▸ **Exercise**
From the entries below, report only the number of lines that contain the word "subrr".

========

(* Fix $k\ge 2$ and let $D$ be either $A$ or $S$. Assume that for every sorted $2k$-tuple $x_1\le\dots\le x_{2k}$ of reals, the partition of $\{1,\dots,2k\}$ into $\{1,\dots,k\}$ and $\{k+1,\dots,2k\}$ is a minimal $k$-tuple partition with respect to $D$. Then for every $n\ge 1$ and every sorted $kn$-tuple $x_1\le x_2\le\dots\le x_{kn}$ of reals, the partition of $\{1,\dots,kn\}$ into the consecutive blocks $$B_i=\{(i-1)k+1,\,(i-1)k+2,\,\dots,\,ik\},\qquad i=1,\dots,n,$$ is a minimal $k$-tuple partition with respect to $D$.
   Context: For real numbers $x_1,\dots,x_k$ (repetitions allowed) define $A(x_1,\dots,x_k)=\sum_{1\le i<j\le k}|x_j-x_i|$ and $S(x_1,\dots,x_k)=\sum_{1\le i<j\le k}(x_j-x_i)^2$. Both depend only on the multiset of entries. Given real numbers $x_1,\dots,x_{kn}$, a $k$-tuple partition is a partition of the index set $\{1,\dots,kn\}$ into $n$ blocks, each of size $k$. The cost of the partition is the sum over the blocks $\{i_1,\dots,i_k\}$ of $D(x_{i_1},\dots,x_{i_k})$. A $k$-tuple partition is minimal with respect to $D$ if its cost is less than or equal to the cost of every other $k$-tuple partition. *)

(* Reals are modelled by an arbitrary realFieldType R
   (the statement is purely order/algebraic). *)
From HB Require Import structures.
From mathcomp Require Import all_boot all_order all_algebra.
Set Implicit Arguments. Unset Strict Implicit. Unset Printing Implicit Defensive.
Import Order.TTheory GRing.Theory Num.Theory.
Local Open Scope ring_scope.

Definition Asum (R : realFieldType) (s : seq R) : R :=
  \sum_(i < size s) \sum_(j < size s | (i < j)%N) `|s`_j - s`_i|.

Definition Ssum (R : realFieldType) (s : seq R) : R :=
  \sum_(i < size s) \sum_(j < size s | (i < j)%N) (s`_j - s`_i) ^+ 2.

Definition ktuple_partition (N k : nat) (P : {set {set 'I_N}}) : Prop :=
  partition P [set: 'I_N] /\ forall B, B \in P -> #|B| = k.

Definition pcost (R : realFieldType) (N : nat) (D : seq R -> R)
    (x : 'I_N -> R) (P : {set {set 'I_N}}) : R :=
  \sum_(B in P) D [seq x i | i <- enum B].

Definition minimal_ktuple (R : realFieldType) (N k : nat) (D : seq R -> R)
    (x : 'I_N -> R) (P : {set {set 'I_N}}) : Prop :=
  ktuple_partition k P /\
  forall Q, ktuple_partition k Q -> pcost D x P <= pcost D x Q.

(* Consecutive blocks B_m = {m k, ..., m k + k - 1} (0-indexed), m < n. *)
Definition consec_blocks (k n : nat) : {set {set 'I_(k * n)}} :=
  [set [set i : 'I_(k * n) | (i %/ k)%N == val m] | m : 'I_n].

Definition sorted_fun (R : realFieldType) (N : nat) (x : 'I_N -> R) : Prop :=
  forall i j : 'I_N, (i <= j)%N -> x i <= x j.

From mathcomp Require Import all_boot all_order all_algebra zify.
Import Order.TTheory GRing.Theory Num.Theory.
Set Implicit Arguments. Unset Strict Implicit. Unset Printing Implicit Defensive.

(* Among the k-tuple partitions whose cost does not exceed that of a given one,
   take one maximising the potential, the sum over the blocks of the square of
   their index sum. If two of its blocks interleave, re-split their union into
   its k lowest and k highest indices: since D is invariant under reordering,
   the hypothesis on sorted 2k-tuples shows that this does not increase the
   cost, while the new lower block has the smallest index sum of the four, so
   the potential strictly increases. Hence the blocks are pairwise ordered,
   which forces them to be the consecutive blocks. *)

Section PairSums.
Local Open Scope ring_scope.
Variables (R : numDomainType) (F : R -> R -> R).
Hypotheses (F_sym : forall a b, F a b = F b a) (F_diag : forall a, F a a = 0).

Lemma sum_pairs_double (s : seq R) :
  \sum_(a <- s) \sum_(b <- s) F a b =
  (\sum_(i < size s) \sum_(j < size s | (i < j)%N) F s`_i s`_j) *+ 2.
Proof.
have nth_sum G : \sum_(b <- s) G b = \sum_(j < size s) G s`_j.
  by rewrite (big_nth 0) big_mkord.
rewrite nth_sum; under eq_bigr => i _ do rewrite nth_sum.
have split_lt (i : 'I_(size s)) : \sum_(j < size s) F s`_i s`_j =
    \sum_(j < size s | (i < j)%N) F s`_i s`_j +
    \sum_(j < size s | (j < i)%N) F s`_i s`_j.
  rewrite (bigID (fun j : 'I__ => (i < j)%N)) /=; congr (_ + _).
  rewrite big_mkcond [RHS]big_mkcond; apply: eq_bigr => j _.
  by case: (ltngtP i j) => // eq_ij; rewrite (val_inj eq_ij) F_diag.
under eq_bigr => i _ do rewrite split_lt.
rewrite big_split mulr2n /=; congr (_ + _).
rewrite (exchange_big_dep xpredT) //=; apply: eq_bigr => i _.
by apply: eq_bigr => j _; rewrite F_sym.
Qed.

Lemma sum_pairs_perm (s t : seq R) : perm_eq s t ->
  \sum_(i < size s) \sum_(j < size s | (i < j)%N) F s`_i s`_j =
  \sum_(i < size t) \sum_(j < size t | (i < j)%N) F t`_i t`_j.
Proof.
move=> st; apply/eqP; rewrite -(eqr_pMn2r (n := 2)) // -!sum_pairs_double.
by rewrite (perm_big _ st); apply/eqP/eq_bigr => a _; apply: perm_big.
Qed.

End PairSums.

Lemma big_set2 (T : Type) (idx : T) (op : Monoid.com_law idx) (I : finType)
    (X Y : I) (F : I -> T) :
  X != Y -> \big[op/idx]_(i in [set X; Y]) F i = op (F X) (F Y).
Proof. by move=> neXY; rewrite big_setU1 ?big_set1 // inE. Qed.

Lemma big_set2U (T : Type) (idx : T) (op : Monoid.com_law idx) (I : finType)
    (X Y : I) (A : {set I}) (F : I -> T) :
  X != Y -> X \notin A -> Y \notin A ->
  \big[op/idx]_(i in [set X; Y] :|: A) F i = op (op (F X) (F Y)) (\big[op/idx]_(i in A) F i).
Proof.
move=> neXY XA YA; rewrite -setUA big_setU1 ?big_setU1 ?Monoid.mulmA //.
by rewrite !inE negb_or neXY.
Qed.

Lemma big_set2D (T : Type) (idx : T) (op : Monoid.com_law idx) (I : finType)
    (X Y : I) (A : {set I}) (F : I -> T) :
  X \in A -> Y \in A -> X != Y ->
  \big[op/idx]_(i in A) F i =
  op (op (F X) (F Y)) (\big[op/idx]_(i in A :\: [set X; Y]) F i).
Proof.
move=> XA YA neXY; rewrite -big_set2U ?inE ?eqxx ?orbT //.
rewrite setDE setUIr setUCr setIT; congr (\big[_/_]_(i in _) _).
by rewrite (setUidPr _) //; apply/subsetP => i /set2P [->|->].
Qed.

Lemma disjoint_neq (T : finType) (A B : {set T}) :
  [disjoint A & B] -> 0 < #|A| -> A != B.
Proof.
move=> disAB; apply: contraTneq => eqAB; move: disAB; rewrite -eqAB.
by rewrite -setI_eq0 setIid => /eqP ->; rewrite cards0.
Qed.

Section Preimage.
Variables (aT rT : finType) (g : aT -> rT).

Lemma imset_preimset (X : {set rT}) : X \subset g @: setT -> g @: (g @^-1: X) = X.
Proof.
move=> Xg; apply/setP => y; apply/imsetP/idP => [[t] | yX]; first by rewrite inE => ? ->.
by case/imsetP: (subsetP Xg y yX) => t _ eq_y; exists t; rewrite // inE -eq_y.
Qed.

Lemma card_preimset_im (X : {set rT}) :
  injective g -> X \subset g @: setT -> #|g @^-1: X| = #|X|.
Proof. by move=> g_inj Xg; rewrite -{2}(imset_preimset Xg) card_imset. Qed.

End Preimage.

Section BlockCost.
Local Open Scope ring_scope.
Variables (R : realFieldType) (D : seq R -> R).
Hypothesis hD : D = @Asum R \/ D = @Ssum R.

Lemma perm_D (s t : seq R) : perm_eq s t -> D s = D t.
Proof.
case: hD => -> st.
  apply: (@sum_pairs_perm _ (fun a b => `|b - a|)) => // [a b|a].
    by rewrite distrC.
  by rewrite subrr normr0.
apply: (@sum_pairs_perm _ (fun a b => (b - a) ^+ 2)) => // [a b|a].
  by rewrite -sqrrN opprB.
by rewrite subrr expr0n.
Qed.

Definition block_cost N (x : 'I_N -> R) (B : {set 'I_N}) : R :=
  D [seq x i | i <- enum B].

Lemma block_cost_imset N M (x : 'I_N -> R) (g : 'I_M -> 'I_N) (B : {set 'I_M}) :
  injective g -> block_cost (x \o g) B = block_cost x (g @: B).
Proof.
move=> g_inj; apply: perm_D; rewrite (map_comp x g); apply: perm_map; apply: uniq_perm.
- by rewrite (map_inj_uniq g_inj) enum_uniq.
- exact: enum_uniq.
by move=> i; rewrite mem_enum; apply/mapP/imsetP => -[t]; rewrite ?mem_enum;
  exists t; rewrite ?mem_enum.
Qed.

Lemma pcost_set2 N (x : 'I_N -> R) (A B : {set 'I_N}) :
  A != B -> pcost D x [set A; B] = block_cost x A + block_cost x B.
Proof. exact: (big_set2 _ (block_cost x)). Qed.

End BlockCost.

Lemma ktuple_partitionP N k (P : {set {set 'I_N}}) : 0 < k ->
  ktuple_partition k P <->
  [/\ forall B, B \in P -> #|B| = k,
      forall i, exists2 B, B \in P & i \in B &
      forall B1 B2 i, B1 \in P -> B2 \in P -> i \in B1 -> i \in B2 -> B1 = B2].
Proof.
move=> k_gt0; split.
  case=> /and3P [/eqP covP trivP _] cardP; split => // [i|B1 B2 i B1P B2P iB1 iB2].
    have /bigcupP [B BP iB] : i \in cover P by rewrite covP inE.
    by exists B.
  by rewrite -(def_pblock trivP B1P iB1) (def_pblock trivP B2P iB2).
case=> cardP covP uniqP; split => //; apply/and3P; split.
- apply/eqP/setP => i; rewrite inE; apply/bigcupP.
  by have [B BP iB] := covP i; exists B.
- apply/trivIsetP => A B AP BP neAB; rewrite -setI_eq0; apply/set0Pn => -[i].
  by rewrite inE => /andP [iA iB]; move/eqP: neAB; apply; apply: (uniqP _ _ i).
- by apply/negP => /cardP; rewrite cards0 => k0; rewrite -k0 in k_gt0.
Qed.

Definition ktuple_partitionb N k (P : {set {set 'I_N}}) : bool :=
  partition P [set: 'I_N] && [forall B in P, #|B| == k].

Lemma ktuple_partitionbP N k (P : {set {set 'I_N}}) :
  reflect (ktuple_partition k P) (ktuple_partitionb k P).
Proof.
apply: (iffP andP) => [[partP /forall_inP cardP]|[partP cardP]]; split => //.
  by move=> B /cardP /eqP.
by apply/forall_inP => B /cardP ->.
Qed.

Definition swap_blocks N (Q : {set {set 'I_N}}) (C E L U : {set 'I_N}) :=
  [set L; U] :|: (Q :\: [set C; E]).

Section SwapBlocks.
Variables (N k : nat) (Q : {set {set 'I_N}}) (C E L U : {set 'I_N}).
Hypotheses (k_gt0 : 0 < k) (hQ : ktuple_partition k Q).
Hypotheses (CQ : C \in Q) (EQ : E \in Q).
Hypotheses (cardL : #|L| = k) (cardU : #|U| = k) (disLU : [disjoint L & U]).
Hypothesis LU_CE : L :|: U = C :|: E.

Let rest := Q :\: [set C; E].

========

▸ **Result for this task**
2